I took my teenage daughter and her friend as a birthday present and we were all so delighted by this production. I was able to get them excellent orchestra seats whereas in NYC for the same price we would be several balconies up... and in NYC at that far away the difference in the level of dancing becomes rather subtle.

The corps delivered a stable, synchronized, and beautiful Shades defilé (is that an incorrect use of that term?)... Particulatly appreciated because the lighting went awry and they were about four girls in before any light found them. (apparently some safety feature of the lights was accidentally tripped and the followspots frantically tried widen and catch the dancers until the lights kicked in... A shame because both the dancers and the lighting - John Cull's - was exquisite.

I hope video was running somewhere because the pas with the long scarf was superb, and I have seen this section falter elswhere. Kuranaga had a way of finishing each pirrouette with a balance that was more of a retard than a balance...

Jeffrey Cirio was showing his excellent floating elevation at every opportunity.

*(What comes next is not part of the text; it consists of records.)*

(* Let $\delta$ be a diagonal section and let $C$ be any bivariate copula with $C(t,t)=\delta(t)$ for all $t\in[0,1]$. Then for every $x,y\in[0,1]$, $$C(x,y)\le \min\left\{x,\;y,\;\max\{x,y\}-\frac12\left(\widehat{\delta}(x)+\widehat{\delta}(y)+\mathrm{TV}_{\min\{x,y\}}^{\max\{x,y\}}(\widehat{\delta})\right)\right\}.$$
   Context: $\mathbb{I}=[0,1]$. A (bivariate) copula is a function $C\colon\mathbb{I}^2\to\mathbb{I}$ with $C(x,0)=C(0,y)=0$, $C(x,1)=x$, $C(1,y)=y$ for all $x,y$, and $C(b,d)+C(a,c)-C(b,c)-C(a,d)\ge 0$ for all $a\le b$, $c\le d$ in $\mathbb{I}$. A diagonal section is a function $\delta\colon\mathbb{I}\to\mathbb{I}$ with $\delta(x)\le x$ for all $x$, $0\le\delta(y)-\delta(x)\le 2(y-x)$ whenever $x\le y$, and $\delta(1)=1$ (equivalently, $\delta$ is the diagonal $t\mapsto C(t,t)$ of some copula). Write $\widehat{\delta}(x)=x-\delta(x)$. For $f\colon\mathbb{I}\to\mathbb{R}$ and $0\le x\le y\le1$, $\mathrm{TV}_x^y(f)=\sup\{\sum_{i=1}^n|f(x_i)-f(x_{i-1})|: x=x_0<x_1<\dots<x_n=y\}$ is the total variation of $f$ on $[x,y]$. *)

From HB Require Import structures.
From mathcomp Require Import all_boot all_order all_algebra.
From mathcomp Require Import all_classical all_reals.
From mathcomp Require Export ereal numfun realfun.
Set Implicit Arguments. Unset Strict Implicit. Unset Printing Implicit Defensive.
Import Order.TTheory GRing.Theory Num.Theory.
Local Open Scope ring_scope.

Definition inI {R : realType} (x : R) : Prop := 0 <= x <= 1.

(* A bivariate copula, given as a function R -> R -> R; only its values on I^2 matter. *)
Definition is_copula {R : realType} (C : R -> R -> R) : Prop :=
  [/\ (forall x y, inI x -> inI y -> inI (C x y)),
      (forall x, inI x -> C x 0 = 0 /\ C 0 x = 0),
      (forall x, inI x -> C x 1 = x /\ C 1 x = x) &
      (forall a b c d, inI a -> inI b -> inI c -> inI d -> a <= b -> c <= d ->
         0 <= C b d + C a c - C b c - C a d)].

Definition is_diagonal_section {R : realType} (d : R -> R) : Prop :=
  [/\ (forall x, inI x -> inI (d x)),
      (forall x, inI x -> d x <= x),
      (forall x y, inI x -> inI y -> x <= y -> 0 <= d y - d x <= 2 * (y - x)) &
      d 1 = 1].

Definition dhat {R : realType} (d : R -> R) : R -> R := fun x => x - d x.

(* For a <= b, write hat-delta = P - Q on [a, b] with P t = t - C(a, t) and
   Q t = C(t, t) - C(a, t).  Both are nondecreasing by 2-increasingness of C,
   so TV_a^b(hat-delta) <= (P b - P a) + (Q b - Q a)
   = 2 b - 2 C(a, b) - hat-delta(a) - hat-delta(b), which rearranges to the
   third bound; the first two are the Frechet-Hoeffding upper bound. *)
From HB Require Import structures.
From mathcomp Require Import all_boot all_order all_algebra.
From mathcomp Require Import all_classical all_reals.
From mathcomp Require Import ereal numfun realfun.
From mathcomp Require Import lra.
Set Implicit Arguments. Unset Strict Implicit.
Import Order.TTheory GRing.Theory Num.Theory.
Local Open Scope ring_scope.

Lemma total_variation_sub_le (R : realType) (a b : R) (f g : R -> R) :
  a <= b ->
  {in `[a, b] &, nondecreasing_fun f} -> {in `[a, b] &, nondecreasing_fun g} ->
  (total_variation a b (f \- g)%R <= (f b - f a + (g b - g a))%:E)%E.
Proof.
move=> ab ndf ndg.
apply: (le_trans (total_variation_le f (\- g)%R ab)).
by rewrite total_variationN !nondecreasing_total_variation.
Qed.

Lemma inI0 (R : realType) : inI (0 : R).
Proof. by rewrite /inI lexx ler01. Qed.

Lemma inI1 (R : realType) : inI (1 : R).
Proof. by rewrite /inI ler01 lexx. Qed.

Lemma inI_itv (R : realType) (a b s : R) :
  inI a -> inI b -> s \in `[a, b] -> inI s.
Proof.
rewrite /inI in_itv /= => /andP[a0 _] /andP[_ b1] /andP[as_ sb].
by rewrite (le_trans a0 as_) (le_trans sb b1).
Qed.

Lemma copula_transpose (R : realType) (C : R -> R -> R) :
  is_copula C -> is_copula (fun x y => C y x).
Proof.
case=> CI C0 C1 C2inc; split.
- by move=> x y xI yI; apply: CI.
- by move=> x xI; have [? ?] := C0 x xI.
- by move=> x xI; have [? ?] := C1 x xI.
- move=> a b c e aI bI cI eI ab ce.
  have := C2inc c e a b cI eI aI bI ce ab; lra.
Qed.

Section copula_bounds.
Variables (R : realType) (C : R -> R -> R).
Hypothesis copC : is_copula C.

Lemma copula_le_r x y : inI x -> inI y -> C x y <= y.
Proof.
move=> xI yI; have [_ C0 C1 C2inc] := copC.
have := C2inc x 1 0 y xI (inI1 R) (inI0 R) yI (proj2 (andP xI)) (proj1 (andP yI)).
by rewrite (C1 y yI).2 (C0 x xI).1 (C0 1 (inI1 R)).1; lra.
Qed.

Lemma copula_row_sub_le a s t :
  inI a -> inI s -> inI t -> s <= t -> C a t - C a s <= t - s.
Proof.
move=> aI sI tI st; have [_ _ C1 C2inc] := copC.
have := C2inc a 1 s t aI (inI1 R) sI tI (proj2 (andP aI)) st.
by rewrite (C1 s sI).2 (C1 t tI).2; lra.
Qed.

Lemma copula_row_sub_le_diag_sub a s t :
  inI a -> inI s -> inI t -> a <= s -> s <= t ->
  C a t - C a s <= C t t - C s s.
Proof.
move=> aI sI tI as_ st; have [_ C0 _ C2inc] := copC.
have rect_ast := C2inc a t s t aI tI sI tI (le_trans as_ st) st.
have := C2inc s t 0 s sI tI (inI0 R) sI st (proj1 (andP sI)).
by rewrite (C0 s sI).1 (C0 t tI).1; lra.
Qed.

Variable d : R -> R.
Hypothesis diagC : forall t, inI t -> C t t = d t.

Lemma copula_total_variation_dhat_le a b :
  inI a -> inI b -> a <= b ->
  (total_variation a b (dhat d)
     <= (2 * b - 2 * C a b - dhat d a - dhat d b)%:E)%E.
Proof.
move=> aI bI ab.
pose P t := t - C a t.
have -> : dhat d = (P \- (P \- dhat d))%R by apply/funext => t /=; lra.
apply: (le_trans (@total_variation_sub_le _ _ _ P (P \- dhat d)%R ab _ _)).
- move=> s t sab tab st.
  have := copula_row_sub_le aI (inI_itv aI bI sab) (inI_itv aI bI tab) st.
  by rewrite /P; lra.
- move=> s t sab tab st /=.
  have as_ : a <= s by move: sab; rewrite in_itv => /andP[].
  have sI := inI_itv aI bI sab; have tI := inI_itv aI bI tab.
  have := copula_row_sub_le_diag_sub aI sI tI as_ st.
  by rewrite /P /dhat -(diagC sI) -(diagC tI); lra.
- by rewrite lee_fin /P /dhat /= -(diagC aI); lra.
Qed.

Lemma copula_le_sub_total_variation a b :
  inI a -> inI b -> a <= b ->
  ((C a b)%:E <= b%:E - (2^-1)%:E *
     ((dhat d a)%:E + (dhat d b)%:E + total_variation a b (dhat d)))%E.
Proof.
move=> aI bI ab.
have tv_le := copula_total_variation_dhat_le aI bI ab.
have /fineK tvE : total_variation a b (dhat d) \is a fin_num.
  by rewrite ge0_fin_numE ?total_variation_ge0 // (le_lt_trans tv_le) ?ltry.
move: tv_le; rewrite -tvE -!EFinD !lee_fin.
by move: (fine _) => tv; lra.
Qed.

End copula_bounds.

Lemma copula_le_l (R : realType) (C : R -> R -> R) x y :
  is_copula C -> inI x -> inI y -> C x y <= x.
Proof. by move=> copC xI yI; apply: (copula_le_r (copula_transpose copC)). Qed.

Theorem proposition3p1 (R : realType) (d : R -> R) (C : R -> R -> R) :
  is_diagonal_section d -> is_copula C ->
  (forall t, inI t -> C t t = d t) ->
  forall x y, inI x -> inI y ->
  ((C x y)%:E <= Order.min (Order.min x%:E y%:E)
     ((Order.max x y)%:E - (2^-1)%:E *
        ((dhat d x)%:E + (dhat d y)%:E +
         total_variation (Order.min x y) (Order.max x y) (dhat d))))%E.
Proof.
move=> _ copC diagC x y xI yI.
rewrite !le_min !lee_fin copula_le_l ?copula_le_r //=.
have [xy|/ltW yx] := leP x y.
- exact (copula_le_sub_total_variation copC diagC xI yI xy).
- rewrite (addeC (dhat d x)%:E).
  exact (copula_le_sub_total_variation (copula_transpose copC) diagC yI xI yx).
Qed.
Lemma mem_comps n s : (s \in comps n) = all12 s && (sumn s == n).
Proof.
apply/idP/idP.
  elim/nat_ind2: n s => [s|s|n IHn IHSn s]; try by rewrite inE => /eqP ->.
  rewrite compsSS mem_cat => /orP [] /mapP [s' s'_in ->].
    by case/andP: (IHSn _ s'_in) => s'12 /eqP sum_s'; rewrite /= s'12 sum_s' add1n eqxx.
  by case/andP: (IHn _ s'_in) => s'12 /eqP sum_s'; rewrite /= s'12 sum_s' add2n eqxx.
case/andP => + /eqP <-; elim: s => [|x s IH] // /andP [/orP [] /eqP -> s12].
  rewrite [sumn _]/= add1n; case E: (sumn s) => [|m].
    by move: (IH s12); rewrite E inE => /eqP ->.
  by rewrite compsSS mem_cat map_f // -E IH.
by rewrite [sumn _]/= add2n compsSS mem_cat map_f ?orbT // IH.
Qed.

Lemma comps_uniq n : uniq (comps n).
Proof.
elim/nat_ind2: n => // n IHn IHSn.
have cons_inj x : injective (cons x : seq nat -> seq nat) by move=> ? ? [].
rewrite compsSS cat_uniq !map_inj_uniq ?IHn ?IHSn //= andbT.
by apply/hasP => -[_ /mapP [? _ ->] /mapP [] ].
Qed.

Lemma count_comps_notin2 n : count (fun s => 2 \notin s) (comps n) = 1.
Proof.
elim/nat_ind2: n => // n _ IHSn.
rewrite compsSS count_cat !count_map.
rewrite (eq_count (a2 := fun s => 2 \notin s)); last by move=> s /=; rewrite in_cons.
by rewrite IHSn (eq_count (a2 := pred0)) ?count_pred0.
Qed.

The little dancers with the Golden Idol fairly stole the show from Aidos Zakan... Usually I cannot stand this part (not the idol but rather his dancers) but they were really wonderful. They were not in black-face. Manu's (Dalay Partondo) water variation was cute with the two little girls, but I was not as happy with their stage presence as with the Idol's children... It was charming to think, though, that this was the role Larissa Ponomarenko danced as a child with the Kirov (she told us so during the pre-curtain talk, and it was nice to hear the company referred to by its "old" name). Melanie Atkins was the children's ballet mistress.

The shades corps was truly impressive. I doubt very much there were more than one, maybe two, companies in the US who could have pulled this ballet off 30 years ago. Boston is to be commended!

The three shades, however, made me remember that this was still a regional company. They may be strong dancers in other choreography but they were clearly not at their best in this. The second shade variation was pretty good. I cannot name names because there were substitutions called out as the lights went down and I did not manage to save the details.

There was a pre-curtain talk led by the woman who rehearsed the shades (Shannon Parsley), with dancer Dusty Button (memorable name), a Brazilian dancer who does the golden idol some nights (name?) and Larissa Ponomarenko. I wish Ponomarenko had lead the talk... She had the most interesting information and told us about the part of India that the ballet was from.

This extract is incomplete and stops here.